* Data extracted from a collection
*** Block opens ***

(* Let $\mathrm{M}$ be a matroid on a finite set $E$, let $\mathcal{M}$ be a proper modular cut of its lattice of flats, and let $e\notin E$. If $F$ is a minimal element of $\mathcal{M}$, then $F\sqcup\{e\}$ is an irreducible flat of $\mathrm{M}\cup_{\mathcal{M}}e$.
   Context: Flats are ordered by inclusion, $\hat0$ is the smallest flat. Flats $F,G$ form a modular pair if $\operatorname{rk}(F\vee G)+\operatorname{rk}(F\wedge G)=\operatorname{rk}F+\operatorname{rk}G$. A modular cut is an upward-closed set $\mathcal{M}$ of flats such that $F\wedge G\in\mathcal{M}$ whenever $F,G\in\mathcal{M}$ form a modular pair; it is proper if $\hat0\notin\mathcal{M}$. The single-element extension $\mathrm{M}\cup_{\mathcal{M}}e$ is the matroid on $E\sqcup\{e\}$ with rank function $\operatorname{rk}(S)=\operatorname{rk}_{\mathrm{M}}(S)$ and $\operatorname{rk}(S\sqcup\{e\})=\operatorname{rk}_{\mathrm{M}}(S)$ if $\operatorname{cl}_{\mathrm{M}}(S)\in\mathcal{M}$ and $\operatorname{rk}_{\mathrm{M}}(S)+1$ otherwise ($S\subseteq E$). A flat $H$ is irreducible if the interval $[\hat0,H]$ of the lattice of flats admits only trivial decompositions as a product of intervals $[\hat0,H_1]\times\dots\times[\hat0,H_m]$ (equivalently $H$ is not the disjoint union of two nonempty flats whose ranks add up to $\operatorname{rk}H$). *)

From mathcomp Require Import all_boot.
Set Implicit Arguments. Unset Strict Implicit. Unset Printing Implicit Defensive.

Section Matroids.
Variable T : finType.
Implicit Types (r : {set T} -> nat) (A B S F G H : {set T}).

Definition is_matroid_rank r : Prop :=
  [/\ forall A, r A <= #|A|,
      forall A B, A \subset B -> r A <= r B &
      forall A B, r (A :|: B) + r (A :&: B) <= r A + r B].

Definition cl r S : {set T} := [set x | r (x |: S) == r S].

Definition flat r F : Prop := forall x, x \notin F -> r F < r (x |: F).

(* bottom flat \hat 0 = cl(emptyset); meet of flats = intersection,
   join of flats = closure of the union *)
Definition bot_flat r : {set T} := cl r set0.
Definition fjoin r F G : {set T} := cl r (F :|: G).

Definition modular_pair r F G : Prop :=
  r (fjoin r F G) + r (F :&: G) = r F + r G.

Definition is_modular_cut r (MC : {set {set T}}) : Prop :=
  [/\ forall F, F \in MC -> flat r F,
      forall F G, F \in MC -> flat r G -> F \subset G -> G \in MC &
      forall F G, F \in MC -> G \in MC -> modular_pair r F G ->
                  F :&: G \in MC].

Definition proper_modular_cut r (MC : {set {set T}}) : Prop :=
  is_modular_cut r MC /\ bot_flat r \notin MC.

Definition minimal_in (MC : {set {set T}}) F : Prop :=
  F \in MC /\ forall G, G \in MC -> G \subset F -> G = F.

(* A flat H is irreducible if the interval [\hat0, H] of the lattice of
   flats admits no nontrivial product decomposition
   [\hat0,H] ~= [\hat0,H1] x [\hat0,H2] with both factors nontrivial
   (H1, H2 <> \hat0). The isomorphism is an order isomorphism phi from
   pairs of flats (G1,G2), G1 <= H1, G2 <= H2, onto flats G <= H. *)
Definition nontrivial_decomposition r H : Prop :=
  exists H1 H2 (phi : {set T} -> {set T} -> {set T}),
    [/\ [/\ flat r H1, H1 \subset H, flat r H2 & H2 \subset H],
        H1 <> bot_flat r /\ H2 <> bot_flat r,
        (forall G1 G2, flat r G1 -> G1 \subset H1 -> flat r G2 -> G2 \subset H2 ->
           flat r (phi G1 G2) /\ phi G1 G2 \subset H),
        (forall G, flat r G -> G \subset H -> exists G1 G2,
           [/\ flat r G1, G1 \subset H1, flat r G2, G2 \subset H2 & phi G1 G2 = G]) &
        (forall G1 G2 G1' G2',
           flat r G1 -> G1 \subset H1 -> flat r G2 -> G2 \subset H2 ->
           flat r G1' -> G1' \subset H1 -> flat r G2' -> G2' \subset H2 ->
           (phi G1 G2 \subset phi G1' G2' <-> (G1 \subset G1') /\ (G2 \subset G2')))].

Definition irreducible_flat r H : Prop :=
  flat r H /\ ~ nontrivial_decomposition r H.

End Matroids.

(* Single-element extension M \cup_MC e on the ground type option T,
   the new element e being None. *)
Definition restrict_some (T : finType) (S : {set option T}) : {set T} :=
  [set x | Some x \in S].

Definition ext_rank (T : finType) (r : {set T} -> nat) (MC : {set {set T}})
    (S : {set option T}) : nat :=
  let S' := restrict_some S in
  if None \in S then (if cl r S' \in MC then r S' else (r S').+1) else r S'.

(* Write e for the new element [None], so the flat in question is F + e.  As F is in the
   cut, e lies in the closure of F; as no flat strictly below F is in the cut, e is a
   coloop of every proper subflat of F + e containing it.  Every element of F + e lies in
   the bottom or in an atom of [0, F + e]: the atom is F + e itself if rk F = 1, and
   otherwise e + loops or the closure of a non-loop of F (e + loops is a flat because, by
   modularity and the minimality of F, no rank-one flat is then in the cut).  In a
   product decomposition every atom lies on one of the two axes, so the axes cover F + e.
   The two properties of e force the axis through e to be all of F + e, so the other
   factor is trivial. *)

From mathcomp Require Import all_boot zify.
Set Implicit Arguments. Unset Strict Implicit. Unset Printing Implicit Defensive.

Definition interval_atom (X : finType) (rk : {set X} -> nat) (H Q : {set X}) : Prop :=
  [/\ flat rk Q, Q \subset H, Q != bot_flat rk &
      forall K, flat rk K -> K \subset Q -> K = bot_flat rk \/ K = Q].

Definition product_iso (X : finType) (rk : {set X} -> nat) (H H1 H2 : {set X})
    (phi : {set X} -> {set X} -> {set X}) : Prop :=
  [/\ forall G1 G2, flat rk G1 -> G1 \subset H1 -> flat rk G2 -> G2 \subset H2 ->
        flat rk (phi G1 G2) /\ phi G1 G2 \subset H,
      forall G, flat rk G -> G \subset H -> exists G1 G2,
        [/\ flat rk G1, G1 \subset H1, flat rk G2, G2 \subset H2 & phi G1 G2 = G] &
      forall G1 G2 G1' G2',
        flat rk G1 -> G1 \subset H1 -> flat rk G2 -> G2 \subset H2 ->
        flat rk G1' -> G1' \subset H1 -> flat rk G2' -> G2' \subset H2 ->
        (phi G1 G2 \subset phi G1' G2' <-> (G1 \subset G1') /\ (G2 \subset G2'))].

Lemma product_iso_swap (X : finType) (rk : {set X} -> nat) H H1 H2 phi :
  product_iso rk H H1 H2 phi -> product_iso rk H H2 H1 (fun G2 G1 => phi G1 G2).
Proof.
case=> phi_in phi_onto phi_le; split=> [G2 G1 *|G fG sG|]; first exact: phi_in.
  by have [G1 [G2 [*]]] := phi_onto G fG sG; exists G2, G1.
move=> G2 G1 G2' G1' f2 s2 f1 s1 f2' s2' f1' s1'.
have := phi_le G1 G2 G1' G2' f1 s1 f2 s2 f1' s1' f2' s2'; tauto.
Qed.

Section ProductDecomposition.
Variables (X : finType) (rk : {set X} -> nat) (H H1 H2 : {set X}).
Variable phi : {set X} -> {set X} -> {set X}.
Local Notation bot := (bot_flat rk).
Hypotheses (flat_bot : flat rk bot) (bot_min : forall K, flat rk K -> bot \subset K).
Hypotheses (flatH : flat rk H) (flatH1 : flat rk H1) (flatH2 : flat rk H2).
Hypothesis iso : product_iso rk H H1 H2 phi.

Let bot1 := bot_min flatH1.
Let bot2 := bot_min flatH2.

Lemma phi_top : phi H1 H2 = H.
Proof.
case: iso => phi_in phi_onto phi_le.
have [G1 [G2 [fG1 sG1 fG2 sG2 eG]]] := phi_onto H flatH (subxx H).
apply/eqP; rewrite eqEsubset (phi_in _ _ flatH1 _ flatH2 _).2 // -{1}eG.
exact/phi_le.
Qed.

Lemma phi_bot : phi bot bot = bot.
Proof.
case: iso => phi_in phi_onto phi_le.
have [G1 [G2 [fG1 sG1 fG2 sG2 eG]]] := phi_onto bot flat_bot (bot_min flatH).
have [fb _] := phi_in bot bot flat_bot bot1 flat_bot bot2.
apply/eqP; rewrite eqEsubset bot_min // andbT -{3}eG.
by apply/phi_le => //; rewrite !bot_min.
Qed.

Lemma second_axis_top_trivial : phi bot H2 = H -> H1 = bot.
Proof.
case: iso => phi_in phi_onto phi_le eX2.
have : phi H1 H2 \subset phi bot H2 by rewrite phi_top eX2.
by case/phi_le=> // sH1 _; apply/eqP; rewrite eqEsubset sH1 bot1.
Qed.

*** Block closes ***

* Aim of the task
Write out only the lines that run from the line containing "Definition cl r" through the line containing "Definition fjoin r", both included, exactly as they appear above.

* Finished exercise
Definition cl r S : {set T} := [set x | r (x |: S) == r S].

Definition flat r F : Prop := forall x, x \notin F -> r F < r (x |: F).

(* bottom flat \hat 0 = cl(emptyset); meet of flats = intersection,
   join of flats = closure of the union *)
Definition bot_flat r : {set T} := cl r set0.
Definition fjoin r F G : {set T} := cl r (F :|: G).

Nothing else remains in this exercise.